**Task details**: An acceptable answer repeats exactly the line with "apply (iso_trans (sub_split_iso _ HO (fun f => le" and each line after it through the end of the entries, and includes nothing else.
——
Lemma gpred_plus_monom : plus_monom_at m gpred g0.
Proof.
  split; [|split].
  - intros d h. rewrite coef_gpred_ne; auto. apply (wo_lt_neq HC h).
  - unfold gpred. rewrite coef_set_eq. lia.
  - intros y hy. rewrite coef_gpred_ne; auto.
Qed.

Lemma lead_plus_monom : plus_monom_at m lead (monom_plus a m k).
Proof.
  split; [|split].
  - intros d h. unfold lead. rewrite coef_monom_ne; auto. apply (wo_lt_neq HC (wo_trans HC h hma)).
  - unfold lead. rewrite coef_monom_plus_low, coef_monom_ne; auto. apply (wo_lt_neq HC hma).
  - intros y hy. unfold monom_plus. rewrite coef_set_ne; auto.
Qed.

Lemma gpred_lt_g0 : lt gpred g0.
Proof.
  apply (opow_lt_intro C _ _ m); [unfold gpred; rewrite coef_set_eq; lia|].
  intros y hy. apply coef_gpred_ne. apply (wo_gt_neq HC hy).
Qed.

Lemma lead_le_gpred : le lead gpred.
Proof.
  apply (wo_not_lt_le HO). intro h. apply lt_monom_inv in h; auto.
  destruct h as [_ h]. rewrite coef_gpred_lead in h. lia.
Qed.

Lemma segment_g0_split : ord_iso (segment (omega_pow C) g0) (osum (osum Initial Middle) (interval gpred g0)).
Proof.
  apply (iso_trans (sub_split_iso _ HO (fun f => lt f g0) gpred (fun x hx => wo_le_lt_trans HO hx gpred_lt_g0))).
  apply osum_iso; [|apply iso_refl].
  apply (iso_trans (sub_split_iso _ HO (fun f => le f gpred) lead (fun x hx => wo_le_trans HO hx lead_le_gpred))).
  apply iso_refl.
Qed.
——
**Exercise result**:
  apply (iso_trans (sub_split_iso _ HO (fun f => le f gpred) lead (fun x hx => wo_le_trans HO hx lead_le_gpred))).
  apply iso_refl.
Qed.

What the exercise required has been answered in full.